*** Source material Section Begins ***
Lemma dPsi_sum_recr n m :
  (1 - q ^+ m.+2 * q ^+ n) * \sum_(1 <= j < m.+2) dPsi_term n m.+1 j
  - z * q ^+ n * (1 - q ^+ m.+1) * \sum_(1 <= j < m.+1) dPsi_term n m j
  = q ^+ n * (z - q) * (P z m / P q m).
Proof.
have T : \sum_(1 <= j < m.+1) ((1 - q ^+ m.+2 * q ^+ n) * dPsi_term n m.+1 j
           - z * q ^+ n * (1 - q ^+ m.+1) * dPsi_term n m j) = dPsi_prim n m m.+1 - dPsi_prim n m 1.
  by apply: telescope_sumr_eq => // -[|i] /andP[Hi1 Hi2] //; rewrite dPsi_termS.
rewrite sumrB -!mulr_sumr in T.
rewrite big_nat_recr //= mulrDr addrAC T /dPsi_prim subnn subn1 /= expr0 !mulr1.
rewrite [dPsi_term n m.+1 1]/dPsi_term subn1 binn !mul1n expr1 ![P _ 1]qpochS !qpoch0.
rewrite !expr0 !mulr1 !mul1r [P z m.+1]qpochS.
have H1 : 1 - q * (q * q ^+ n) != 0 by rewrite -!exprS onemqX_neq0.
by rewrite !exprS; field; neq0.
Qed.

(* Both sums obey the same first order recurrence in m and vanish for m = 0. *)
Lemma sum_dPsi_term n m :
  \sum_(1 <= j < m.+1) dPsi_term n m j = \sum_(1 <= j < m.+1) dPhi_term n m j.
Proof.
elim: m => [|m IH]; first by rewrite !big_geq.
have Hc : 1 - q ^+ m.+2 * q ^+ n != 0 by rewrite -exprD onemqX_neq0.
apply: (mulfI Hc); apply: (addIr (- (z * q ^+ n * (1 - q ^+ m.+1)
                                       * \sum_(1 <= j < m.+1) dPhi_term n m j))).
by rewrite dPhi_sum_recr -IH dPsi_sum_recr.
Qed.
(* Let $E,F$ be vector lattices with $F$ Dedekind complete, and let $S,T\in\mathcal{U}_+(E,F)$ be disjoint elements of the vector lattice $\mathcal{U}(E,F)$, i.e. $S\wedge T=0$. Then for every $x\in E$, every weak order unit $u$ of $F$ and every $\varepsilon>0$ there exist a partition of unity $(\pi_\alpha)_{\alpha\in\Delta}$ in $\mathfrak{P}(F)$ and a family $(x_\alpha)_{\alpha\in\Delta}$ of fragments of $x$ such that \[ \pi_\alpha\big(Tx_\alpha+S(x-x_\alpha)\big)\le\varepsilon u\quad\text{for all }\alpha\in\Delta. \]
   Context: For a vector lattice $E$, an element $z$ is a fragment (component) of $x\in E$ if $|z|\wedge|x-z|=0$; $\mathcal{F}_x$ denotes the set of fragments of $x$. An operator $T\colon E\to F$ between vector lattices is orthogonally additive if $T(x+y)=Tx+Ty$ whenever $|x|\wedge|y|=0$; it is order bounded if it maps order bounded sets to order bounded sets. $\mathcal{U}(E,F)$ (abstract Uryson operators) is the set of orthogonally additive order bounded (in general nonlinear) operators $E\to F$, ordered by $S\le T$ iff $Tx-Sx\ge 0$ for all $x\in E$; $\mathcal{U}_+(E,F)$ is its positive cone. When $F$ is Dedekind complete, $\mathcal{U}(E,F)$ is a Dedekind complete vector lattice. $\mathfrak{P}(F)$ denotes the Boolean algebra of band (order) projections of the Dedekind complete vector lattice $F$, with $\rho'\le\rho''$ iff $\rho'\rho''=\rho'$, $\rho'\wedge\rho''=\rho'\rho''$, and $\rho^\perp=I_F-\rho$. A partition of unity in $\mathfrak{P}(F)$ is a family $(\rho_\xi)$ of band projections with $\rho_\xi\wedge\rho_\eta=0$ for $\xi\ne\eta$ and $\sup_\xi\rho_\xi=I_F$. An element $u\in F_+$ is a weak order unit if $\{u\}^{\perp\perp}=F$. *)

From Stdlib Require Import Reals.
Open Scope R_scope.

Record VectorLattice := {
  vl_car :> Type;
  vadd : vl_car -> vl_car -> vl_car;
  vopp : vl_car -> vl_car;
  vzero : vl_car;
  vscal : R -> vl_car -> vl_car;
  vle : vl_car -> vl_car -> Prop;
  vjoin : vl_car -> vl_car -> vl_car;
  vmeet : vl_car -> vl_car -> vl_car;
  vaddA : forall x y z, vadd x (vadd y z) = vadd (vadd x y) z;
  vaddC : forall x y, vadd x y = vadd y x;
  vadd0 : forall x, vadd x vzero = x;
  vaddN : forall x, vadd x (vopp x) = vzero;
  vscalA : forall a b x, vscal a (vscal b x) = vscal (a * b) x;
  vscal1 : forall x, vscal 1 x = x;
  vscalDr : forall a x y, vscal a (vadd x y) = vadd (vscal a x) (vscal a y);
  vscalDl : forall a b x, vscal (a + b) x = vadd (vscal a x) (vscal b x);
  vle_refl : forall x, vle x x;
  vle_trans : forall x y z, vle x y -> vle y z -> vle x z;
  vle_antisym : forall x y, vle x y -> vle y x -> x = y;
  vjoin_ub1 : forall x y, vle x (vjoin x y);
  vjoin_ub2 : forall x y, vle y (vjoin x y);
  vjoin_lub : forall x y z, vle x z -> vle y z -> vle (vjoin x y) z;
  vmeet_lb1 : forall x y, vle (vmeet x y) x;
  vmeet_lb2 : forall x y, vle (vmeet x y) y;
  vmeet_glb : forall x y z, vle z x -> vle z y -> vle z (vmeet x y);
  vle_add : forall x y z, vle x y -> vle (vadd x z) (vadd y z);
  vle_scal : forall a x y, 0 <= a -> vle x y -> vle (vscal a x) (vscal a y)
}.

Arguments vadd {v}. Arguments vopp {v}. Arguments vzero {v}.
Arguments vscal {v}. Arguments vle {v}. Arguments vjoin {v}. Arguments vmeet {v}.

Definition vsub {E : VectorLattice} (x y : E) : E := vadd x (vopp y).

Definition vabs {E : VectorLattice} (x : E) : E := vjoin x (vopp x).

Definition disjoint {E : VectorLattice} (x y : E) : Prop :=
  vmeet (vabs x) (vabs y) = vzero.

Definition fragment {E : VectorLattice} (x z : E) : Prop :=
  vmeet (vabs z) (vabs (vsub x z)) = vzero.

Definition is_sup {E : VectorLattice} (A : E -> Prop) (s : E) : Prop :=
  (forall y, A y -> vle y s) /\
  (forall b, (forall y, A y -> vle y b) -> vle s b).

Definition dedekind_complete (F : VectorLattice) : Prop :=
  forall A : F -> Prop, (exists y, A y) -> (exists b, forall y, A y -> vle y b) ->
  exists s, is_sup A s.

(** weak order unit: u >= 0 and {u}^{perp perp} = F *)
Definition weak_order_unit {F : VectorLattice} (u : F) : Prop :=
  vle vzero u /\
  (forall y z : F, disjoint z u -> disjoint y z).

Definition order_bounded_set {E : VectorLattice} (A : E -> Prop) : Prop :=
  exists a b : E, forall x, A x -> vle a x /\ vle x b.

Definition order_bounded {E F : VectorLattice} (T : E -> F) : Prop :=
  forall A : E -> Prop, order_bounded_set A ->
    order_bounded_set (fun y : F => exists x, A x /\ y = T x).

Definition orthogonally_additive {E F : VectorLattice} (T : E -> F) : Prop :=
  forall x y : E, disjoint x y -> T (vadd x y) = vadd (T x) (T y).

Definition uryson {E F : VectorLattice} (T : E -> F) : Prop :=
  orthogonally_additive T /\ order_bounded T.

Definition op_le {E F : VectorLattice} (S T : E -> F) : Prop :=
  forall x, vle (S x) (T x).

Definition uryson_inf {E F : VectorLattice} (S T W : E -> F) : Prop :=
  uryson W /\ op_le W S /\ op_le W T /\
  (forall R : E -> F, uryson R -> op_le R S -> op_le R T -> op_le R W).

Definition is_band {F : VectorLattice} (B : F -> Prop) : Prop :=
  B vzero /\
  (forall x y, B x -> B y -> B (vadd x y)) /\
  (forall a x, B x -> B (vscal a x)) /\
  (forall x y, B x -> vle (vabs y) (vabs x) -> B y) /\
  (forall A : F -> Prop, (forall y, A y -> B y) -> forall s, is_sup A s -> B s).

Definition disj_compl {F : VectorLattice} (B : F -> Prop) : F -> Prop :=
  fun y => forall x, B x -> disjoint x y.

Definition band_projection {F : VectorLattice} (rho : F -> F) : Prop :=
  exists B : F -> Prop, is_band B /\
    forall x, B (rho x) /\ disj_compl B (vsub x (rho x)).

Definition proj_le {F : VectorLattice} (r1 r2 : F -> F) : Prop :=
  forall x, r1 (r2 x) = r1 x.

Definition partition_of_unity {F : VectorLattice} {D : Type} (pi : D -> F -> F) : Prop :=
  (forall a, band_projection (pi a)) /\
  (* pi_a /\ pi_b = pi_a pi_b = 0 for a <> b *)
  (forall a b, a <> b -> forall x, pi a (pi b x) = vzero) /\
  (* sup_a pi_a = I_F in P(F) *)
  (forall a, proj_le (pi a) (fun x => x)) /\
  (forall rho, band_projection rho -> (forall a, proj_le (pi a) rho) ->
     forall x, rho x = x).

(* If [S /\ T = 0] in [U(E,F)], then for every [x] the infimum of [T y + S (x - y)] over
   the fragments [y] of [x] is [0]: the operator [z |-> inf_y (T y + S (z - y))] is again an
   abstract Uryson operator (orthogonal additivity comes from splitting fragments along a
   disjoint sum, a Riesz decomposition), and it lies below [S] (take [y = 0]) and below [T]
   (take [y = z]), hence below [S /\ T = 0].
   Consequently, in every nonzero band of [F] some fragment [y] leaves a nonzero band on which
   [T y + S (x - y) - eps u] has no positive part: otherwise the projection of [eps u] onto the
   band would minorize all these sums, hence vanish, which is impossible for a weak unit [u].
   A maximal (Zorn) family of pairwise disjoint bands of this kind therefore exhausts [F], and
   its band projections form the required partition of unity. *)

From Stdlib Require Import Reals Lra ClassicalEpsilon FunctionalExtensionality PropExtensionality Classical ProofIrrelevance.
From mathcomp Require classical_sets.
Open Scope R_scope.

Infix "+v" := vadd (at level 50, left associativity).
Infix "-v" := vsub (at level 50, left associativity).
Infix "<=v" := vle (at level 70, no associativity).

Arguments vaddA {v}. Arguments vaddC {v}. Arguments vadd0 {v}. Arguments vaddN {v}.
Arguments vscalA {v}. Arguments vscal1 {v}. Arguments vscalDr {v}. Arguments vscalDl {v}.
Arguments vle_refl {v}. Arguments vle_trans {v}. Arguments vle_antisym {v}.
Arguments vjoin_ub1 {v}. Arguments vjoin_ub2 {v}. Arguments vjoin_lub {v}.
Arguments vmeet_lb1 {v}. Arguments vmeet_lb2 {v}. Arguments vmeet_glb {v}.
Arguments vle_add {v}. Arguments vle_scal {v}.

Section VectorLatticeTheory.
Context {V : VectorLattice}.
*** Source material Section Ends ***
- **Task prompt**
Give back the listing exactly, please, from its first line to the line containing "elim: m => [|m", inclusive, and nothing past that line.

- **The answer**
Lemma dPsi_sum_recr n m :
  (1 - q ^+ m.+2 * q ^+ n) * \sum_(1 <= j < m.+2) dPsi_term n m.+1 j
  - z * q ^+ n * (1 - q ^+ m.+1) * \sum_(1 <= j < m.+1) dPsi_term n m j
  = q ^+ n * (z - q) * (P z m / P q m).
Proof.
have T : \sum_(1 <= j < m.+1) ((1 - q ^+ m.+2 * q ^+ n) * dPsi_term n m.+1 j
           - z * q ^+ n * (1 - q ^+ m.+1) * dPsi_term n m j) = dPsi_prim n m m.+1 - dPsi_prim n m 1.
  by apply: telescope_sumr_eq => // -[|i] /andP[Hi1 Hi2] //; rewrite dPsi_termS.
rewrite sumrB -!mulr_sumr in T.
rewrite big_nat_recr //= mulrDr addrAC T /dPsi_prim subnn subn1 /= expr0 !mulr1.
rewrite [dPsi_term n m.+1 1]/dPsi_term subn1 binn !mul1n expr1 ![P _ 1]qpochS !qpoch0.
rewrite !expr0 !mulr1 !mul1r [P z m.+1]qpochS.
have H1 : 1 - q * (q * q ^+ n) != 0 by rewrite -!exprS onemqX_neq0.
by rewrite !exprS; field; neq0.
Qed.

(* Both sums obey the same first order recurrence in m and vanish for m = 0. *)
Lemma sum_dPsi_term n m :
  \sum_(1 <= j < m.+1) dPsi_term n m j = \sum_(1 <= j < m.+1) dPhi_term n m j.
Proof.
elim: m => [|m IH]; first by rewrite !big_geq.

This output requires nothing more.